А л: Ну и дальше что? Человечество вечно будет жить без идей, революционизирующих мир?

С е м: Похоже, что так.

А л: Почему?

С е м: Причин более чем достаточно.

А л: Например!

С е м: Нас приучили к идее поступательной эволюции человечества и возможности безграничного прогресса. На самом деле всякий прогресс имеет потолок. И мы его достигли. Теперь — только регресс. Хотя мы научились выдавать его за прогресс, законы эволюции неподвластны пропаганде.

Оно дело — карабкаться в гору вверх, другое — катиться с горы вниз. В чем была суть революционных умонастроений прошлого?

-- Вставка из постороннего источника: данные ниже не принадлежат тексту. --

(* Let $G$ be a group and let $S=\bigoplus_{g\in G}S_g$ be an epsilon-finitely $G$-graded ring. Then for every normal subgroup $N$ of $G$, the induced $G/N$-grading $\{S_C\}_{C\in G/N}$ is epsilon-finite (in particular epsilon-strong).
   Context: Rings are associative, not necessarily unital; $AB$ denotes finite sums of products. A grading $\{T_h\}_{h\in H}$ of a ring $T$ ($T=\bigoplus_hT_h$, $T_hT_k\subseteq T_{hk}$) is epsilon-strong if $T_hT_{h^{-1}}T_h=T_h$ for all $h$ and each ring $T_hT_{h^{-1}}$ has a multiplicative identity element $\epsilon_h$ (these are commuting idempotents). It is epsilon-finite if it is epsilon-strong and the set $\bigvee\{\epsilon_h\mid h\in H\}$ is finite, where for commuting idempotents $a\vee b=a+b-ab$ and $\bigvee F$ denotes the set of finite joins of elements of $F$. Induced grading: $S_C=\bigoplus_{g\in C}S_g$. *)

(* the additive group of the ring is a zmodType; the
   (not necessarily unital) multiplication is an explicit binary operation. *)
From mathcomp Require Import all_boot all_algebra.
From Stdlib Require List.
Set Implicit Arguments. Unset Strict Implicit. Unset Printing Implicit Defensive.
Import GRing.Theory.
Local Open Scope ring_scope.

Section Defs.
Variable T : zmodType.
Variable mul : T -> T -> T.

Definition prodset (A B : T -> Prop) : T -> Prop :=
  fun x => exists l : seq (T * T),
    List.Forall (fun p => A p.1 /\ B p.2) l /\ x = \sum_(p <- l) mul p.1 p.2.

Definition set_eq (A B : T -> Prop) : Prop := forall x, A x <-> B x.

Definition is_identity_of (A : T -> Prop) (e : T) : Prop :=
  A e /\ forall x, A x -> mul e x = x /\ mul x e = x.

Definition cjoin (a b : T) : T := a + b - mul a b.

Inductive joins (E : T -> Prop) : T -> Prop :=
| joins_base x : E x -> joins E x
| joins_join a b : joins E a -> joins E b -> joins E (cjoin a b).

Definition finite_set (A : T -> Prop) : Prop :=
  exists L : seq T, forall x, A x -> x \in L.

Variable H : Type.
Variable hmul : H -> H -> H.
Variable hinv : H -> H.
Variable Idx : H -> Prop.   (* the elements of the grading group *)
Variable S : H -> T -> Prop.

Definition is_grading : Prop :=
  (forall h, Idx h -> S h 0 /\ (forall x y, S h x -> S h y -> S h (x - y)))
  /\ (forall s, exists l : seq (H * T),
        List.Forall (fun p => Idx p.1 /\ S p.1 p.2) l /\ s = \sum_(p <- l) p.2)
  /\ (forall l : seq (H * T),
        List.Forall (fun p => Idx p.1 /\ S p.1 p.2) l ->
        List.NoDup (map fst l) ->
        \sum_(p <- l) p.2 = 0 -> List.Forall (fun p => p.2 = 0) l)
  /\ (forall h k x y, Idx h -> Idx k -> S h x -> S k y -> S (hmul h k) (mul x y)).

Definition epsilon_strong : Prop :=
  is_grading /\
  forall h, Idx h ->
    set_eq (prodset (prodset (S h) (S (hinv h))) (S h)) (S h) /\
    exists e, is_identity_of (prodset (S h) (S (hinv h))) e.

А л: Расширять круг людей, пользующихся благами жизни, и поднимать низшие слои на более высокий уровень.

С е м: И это соответствовало объективной эволюции нашей цивилизации. А теперь? Какая тенденция доминирует? Сужение круга тех, кто пользуется новыми благами прогресса, и возвышение одних категорий людей над другими. И как бы ты ни пропагандировал революционные идеи, антиреволюционные все равно задавят их как утопические.

А л: Но ведь жизнь идёт! Какие-то обновления неизбежны!

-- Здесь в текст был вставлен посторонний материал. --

Lemma attainable_sub_edge_region : (attainable n `<=` edge_region R n)%classic.
Proof.
move=> _ [m [rho [p [[rho_psd [tr_rho [p_ge0 p_sum1]]] ->]]]].
pose t l := Re (rho l ord0 ord0) + Re (rho l ord_max ord_max).
pose z l := Re (rho l ord0 ord0) - Re (rho l ord_max ord_max).
pose x l := Re (rho l ord0 ord_max) + Re (rho l ord_max ord0).
pose q y l := p y out0 l + p y out1 l.
have trE l : Re (\tr (rho l)) = t l by rewrite mxtrace2 ReD.
have t1 : \sum_l t l = 1 by rewrite -(eq_bigr _ (fun l _ => trE l)) -Re_sum tr_rho.
have bloch l : 0 <= t l /\ z l ^+ 2 + x l ^+ 2 <= t l ^+ 2 := psd2_bloch (rho_psd l).
have resp y l := outcome_prob_bounds (fun b => p_ge0 y b l) (p_sum1 y l).
have q01 y l : 0 <= q y l <= 1 := (resp y l).1.
have dq y l : `|p y out0 l - p y out1 l| <= q y l := (resp y l).2.
have dNq y l : `|- (p y out0 l - p y out1 l)| <= q y l by rewrite normrN.
have -> : Tn (assemblage rho p) = n%:R^-1 * \sum_(y < n) \sum_(l < m) q y l * t l.
  by rewrite Tn_assemblage; under eq_bigr do under eq_bigr do rewrite trE.
have -> : Wn (assemblage rho p) = n%:R^-1 * \sum_(y < n) \sum_(l < m)
    (p y out0 l - p y out1 l) * (cos (y%:R * h) * z l + sin (y%:R * h) * x l).
  rewrite Wn_assemblage.
  by under eq_bigr do under eq_bigr do rewrite Re_mxtrace_obs theta_angle_step.
have n_gt0R : 0 < n%:R :> R by rewrite ltr0n.
have /andP[TS_ge0 TS_le] := conclusive_weight_bounds (fun l => (bloch l).1) t1 q01.
split; first by rewrite mulr_ge0 ?invr_ge0 ?ler0n //= ler_pdivrMl // mulr1.
move=> k kn /=; rewrite normrM ger0_norm ?invr_ge0 ?ler0n // mulrAC mulVf ?lt0r_neq0 //.
rewrite mul1r mulrA mulfV ?lt0r_neq0 // mul1r ler_norml (mixture_response_le bloch t1 q01 dq kn).
have /= := mixture_response_le bloch t1 q01 dNq kn.
under eq_bigr do under eq_bigr do rewrite mulNr.
under eq_bigr do rewrite sumrN.
by rewrite sumrN andbT; lra.
Qed.

Lemma vertexE (k : 'I_n.+1) (s : bool) :
  vertex R k s = (k%:R / n%:R, (if s then 1 else -1) * S k / n%:R).
Proof.
have s0 := sin_half_step_gt0; have n0 : n%:R != 0 :> R by rewrite pnatr_eq0 -lt0n.
congr (_, _); rewrite /height /angle_step.
rewrite (_ : pi / 2 * (k%:R / n%:R) = k%:R * (pi / n%:R) / 2); last by field.
rewrite (_ : pi / (2 * n%:R) = pi / n%:R / 2); last by field.
by field; rewrite n0 lt0r_neq0.
Qed.

Lemma edge_of_abscissa (T : R) : 0 <= T <= 1 ->
  exists2 k : nat, (k < n)%N & k%:R <= n%:R * T <= k.+1%:R.
Proof.
move=> /andP[T0 T1]; have nT0 : 0 <= n%:R * T by rewrite mulr_ge0.
have [nT_lt|nT_ge] := ltP (n%:R * T) n%:R.
  exists (Num.truncn (n%:R * T)); first by rewrite truncn_lt_nat.
  by rewrite truncn_le nT0 ltW // truncnS_gt.
exists n.-1; first by rewrite prednK.
rewrite prednK // (le_trans _ nT_ge) ?ler_nat ?leq_pred //=.
by rewrite -[leRHS]mulr1 ler_wpM2l.
Qed.

Lemma edge_region_sub_polygon : (edge_region R n `<=` polygon n)%classic.
Proof.
move=> [T W] [] /= /edge_of_abscissa[k kn /andP[kT Tk]] W_le.
have np : 0 < n%:R :> R by rewrite ltr0n.
pose b := n%:R * T - k%:R.
have b01 : 0 <= b <= 1 by rewrite -natr1 in Tk; rewrite /b; apply/andP; split; lra.
pose L := (S k + c k * b) / n%:R.
have [a a01 WE] : exists2 a, 0 <= a <= 1 & W = a * L + (1 - a) * - L.
  by apply: convex_comb_opp; rewrite /L ler_pdivlMr // W_le.
have hull_edge (s : bool) : polygon n (T, (if s then 1 else -1) * L).
  have := polygon_convex (polygon_vertex (@Ordinal n.+1 k (leq_trans kn (leqnSn n))) s)
    (polygon_vertex (@Ordinal n.+1 k.+1 kn) s) (a := 1 - b) ltac:(lra).
  rewrite /convex_comb !vertexE /= /L /b /slope -natr1; congr (polygon n (_, _)); field;
  exact: lt0r_neq0.
have := polygon_convex (hull_edge true) (hull_edge false) a01.
by rewrite /convex_comb /= WE; congr (polygon n (_, _)); ring.
Qed.

(* A pure state whose Bloch vector bisects the directions theta_0, ..., theta_(k-1). *)
Definition bisector (k : nat) (i : 'I_2) : R :=
  let a := (k%:R - 1) * h / 4 in if i == ord0 then cos a else sin a.

Definition vertex_state (w : R) (k : nat) : 'M[R[i]]_2 :=
  \matrix_(i, j) (w * bisector k i * bisector k j)%:C%C.

Definition vertex_outcome (k : nat) (s : bool) (y : 'I_n) : 'I_3 :=
  if (y < k)%N then (if s then out0 else out1) else ord_max.

(* The hidden states of a point of the hull are labelled by the vertices (k, s). *)
Local Notation hull_index := 'I_#|{: 'I_n.+1 * bool}|.

Definition hull_state (w : 'I_n.+1 -> bool -> R) (l : hull_index) : 'M[R[i]]_2 :=
  vertex_state (w (enum_val l).1 (enum_val l).2) (enum_val l).1.

Definition hull_response (y : 'I_n) (b : 'I_3) (l : hull_index) : R :=
  (b == vertex_outcome (enum_val l).1 (enum_val l).2 y)%:R.

Lemma sum_hull_index {V : nmodType} (F : 'I_n.+1 -> bool -> V) :
  \sum_(l : hull_index) F (enum_val l).1 (enum_val l).2 = \sum_k \sum_s F k s.
Proof. by rewrite -(big_enum_val (fun ks => F ks.1 ks.2)) pair_bigA. Qed.

Lemma mxtrace_vertex_state w k : \tr (vertex_state w k) = w%:C%C.
Proof.
rewrite mxtrace2 !mxE /bisector /= -rmorphD /= -!mulrA -mulrDr.
by rewrite -!expr2 cos2Dsin2 mulr1.
Qed.

Lemma Re_mxtrace_obs_vertex_state (y : 'I_n) w k :
  Re (\tr (obs R y *m vertex_state w k)) = w * cos ((y%:R - (k%:R - 1) / 2) * h).
Proof.
rewrite Re_mxtrace_obs theta_angle_step !mxE /bisector /=.
set a := (k%:R - 1) * h / 4.
have -> : (y%:R - (k%:R - 1) / 2) * h = y%:R * h - a *+ 2 by rewrite /a mulr2n; field.
rewrite cosB cos_mulr2n sin_mulr2n.
by have := cos2Dsin2 a; rewrite !mulr2n => <-; ring.
Qed.

Lemma hull_model (w : 'I_n.+1 -> bool -> R) : (forall k s, 0 <= w k s) ->
  \sum_k \sum_s w k s = 1 -> LHS_model (hull_state w) hull_response.
Proof.
move=> w_ge0 w_sum1; split; first by move=> l; apply: psd_real_outer.
split.
  rewrite (eq_bigr _ (fun l _ => mxtrace_vertex_state _ _)).
  rewrite (sum_hull_index (fun k s => (w k s)%:C%C)) -[1]/(1%:C%C) -w_sum1 rmorph_sum.
  by apply: eq_bigr => k _; rewrite rmorph_sum.
split; first by move=> y b l; rewrite ler0n.
move=> y l; rewrite /hull_response /vertex_outcome.
rewrite (bigD1 (vertex_outcome (enum_val l).1 (enum_val l).2 y)) //= eqxx big1 ?addr0 //.
by move=> b /negbTE ->.
Qed.

Lemma sum_hull_response_add (l : hull_index) (F : 'I_n -> R) :
  \sum_(y < n) (hull_response y out0 l + hull_response y out1 l) * F y
    = \sum_(y < n) (if (y < (enum_val l).1)%N then F y else 0).
Proof.
apply: eq_bigr => y _; rewrite /hull_response /vertex_outcome.
by case: ifP => _; case: (enum_val l).2; rewrite /= ?addr0 ?add0r ?mul1r ?mul0r.
Qed.

Lemma sum_hull_response_sub (l : hull_index) (F : 'I_n -> R) :
  \sum_(y < n) (hull_response y out0 l - hull_response y out1 l) * F y
    = (if (enum_val l).2 then 1 else -1) *
      \sum_(y < n) (if (y < (enum_val l).1)%N then F y else 0).
Proof.
rewrite mulr_sumr; apply: eq_bigr => y _; rewrite /hull_response /vertex_outcome.
by case: ifP => _; case: (enum_val l).2; rewrite /= ?subr0 ?sub0r ?mulr0 ?mul1r ?mulN1r ?mul0r.
Qed.

Lemma Tn_hull (w : 'I_n.+1 -> bool -> R) : Tn (assemblage (hull_state w) hull_response) =
  \sum_k \sum_s w k s * (vertex R k s).1.
Proof.
rewrite Tn_assemblage exchange_big /= mulr_sumr.
rewrite -(sum_hull_index (fun k s => w k s * (vertex R k s).1)); apply: eq_bigr => l _.
rewrite vertexE sum_hull_response_add /hull_state mxtrace_vertex_state /=.
rewrite (sum_ord_ltn (fun=> w _ _)); last by rewrite -ltnS.
rewrite sumr_const card_ord -mulr_natr.
by field; rewrite pnatr_eq0 -lt0n.
Qed.

Lemma Wn_hull (w : 'I_n.+1 -> bool -> R) : Wn (assemblage (hull_state w) hull_response) =
  \sum_k \sum_s w k s * (vertex R k s).2.
Proof.
rewrite Wn_assemblage exchange_big /= mulr_sumr.
rewrite -(sum_hull_index (fun k s => w k s * (vertex R k s).2)); apply: eq_bigr => l _.
rewrite vertexE /=; under eq_bigr do rewrite Re_mxtrace_obs_vertex_state.
rewrite sum_hull_response_sub.
rewrite (sum_ord_ltn (fun y => w _ _ * cos ((y%:R - ((enum_val l).1%:R - 1) / 2) * h)));
  last by rewrite -ltnS.
rewrite -mulr_sumr sum_cos_centered.
by case: (enum_val l).2 => /=; ring.
Qed.

Lemma polygon_sub_attainable : (@polygon R n `<=` attainable n)%classic.
Proof.
move=> _ [w [w_ge0 [w_sum1 ->]]].
exists #|{: 'I_n.+1 * bool}|, (hull_state w), hull_response.
by rewrite Tn_hull Wn_hull; split=> //; apply: hull_model.
Qed.

Local Notation sgn s := (if s then 1 else -1 : R).

Lemma edge_region_le {u : R * R} {j : nat} (s : bool) : edge_region R n u -> (j < n)%N ->
  - (c j * n%:R) * u.1 + sgn s * n%:R * u.2 <= S j - j%:R * c j.
Proof.
move=> [_ u_le] jn; have := u_le j jn.
have : sgn s * u.2 <= `|u.2|.
  by case: s; rewrite ?mul1r ?mulN1r ?ler_norm // -normrN ler_norm.
have : 0 < n%:R :> R by rewrite ltr0n.
by move=> ? ? ?; nra.
Qed.

Lemma vertex_edge_value (k : 'I_n.+1) s j :
  - (c j * n%:R) * (vertex R k s).1 + sgn s * n%:R * (vertex R k s).2 = S k - k%:R * c j.
Proof.
rewrite vertexE /=; have n0 : n%:R != 0 :> R by rewrite pnatr_eq0 -lt0n.
by case: s; field.
Qed.

Lemma edge_support (k : 'I_n.+1) s j : (j < n)%N -> k = j :> nat \/ k = j.+1 :> nat ->
  forall u, attainable n u -> - (c j * n%:R) * u.1 + sgn s * n%:R * u.2 <=
    - (c j * n%:R) * (vertex R k s).1 + sgn s * n%:R * (vertex R k s).2.
Proof.
move=> jn kj u /attainable_sub_edge_region u_reg.
rewrite vertex_edge_value (le_trans (edge_region_le s u_reg jn)) //.
by case: kj => ->; rewrite // /slope -natr1; lra.
Qed.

С е м: Они и происходят! Но какие?! То, о чем я говорил, суть тоже обновления. Мы испортили окружающую среду. Будучи неспособными её исправить, мы создали искусственную среду для ограниченной части человечества. Не для всех людей. Но та часть, которая отгородилась от отравленной природы, больше, чем все человечество в прошлом. Это пример обновления. То же самое произошло со сферой ментальности (сознания, духа). Мы отравили нашей идеологией абсолютно все, что как-то связано с мозговой деятельностью людей. Остановить это загрязнение мозгов практически невозможно. Да и не нужно. Оно полезно для поддержания мирового порядка. Миллиарды людей уже не способны ни на какое идейное творчество. А те, кто способны, отгородились от этой отравленной среды непроницаемой перегородкой абсолютной информированности и бесстрастных расчётов. Они, в принципе, знают все, исключив всякую потребность понимания. И это тоже обновление. Так что проповедь идей коммунизма в наше время есть совершенно безнадёжное занятие. Нет проповедников. И нет тех, кто мог бы воспринять проповедь. Эволюционный поток человечества избрал такое русло, что идеи, стремления, надежды прошлого оказались в стороне от него, ненужными, брошенными.

А л: А что ты думаешь о нашей идеологии?

С е м: Наша идеология «растворена» во всем том, что так или иначе связано с сознанием и чувствами людей. Отделить её от её неидеологической среды можно только в абстракции. Чтобы сделать это, нужно быть высокообразованным специалистом, каких не так уж много. Сейчас дело идёт к тому, что квинтэссенция идеологии будет сосредоточена в одном систематизированном и канонизированном тексте, который готовится «Коллективом Гениев», а сам этот «коллектив» будет превращён в высший орган всей идеологической системы ЗС. Хотя этот текст уже сейчас именуют «Новой Библией», его считают квинтэссенцией науки, как это делали в коммунистических странах в двадцатом веке с марксистскими текстами.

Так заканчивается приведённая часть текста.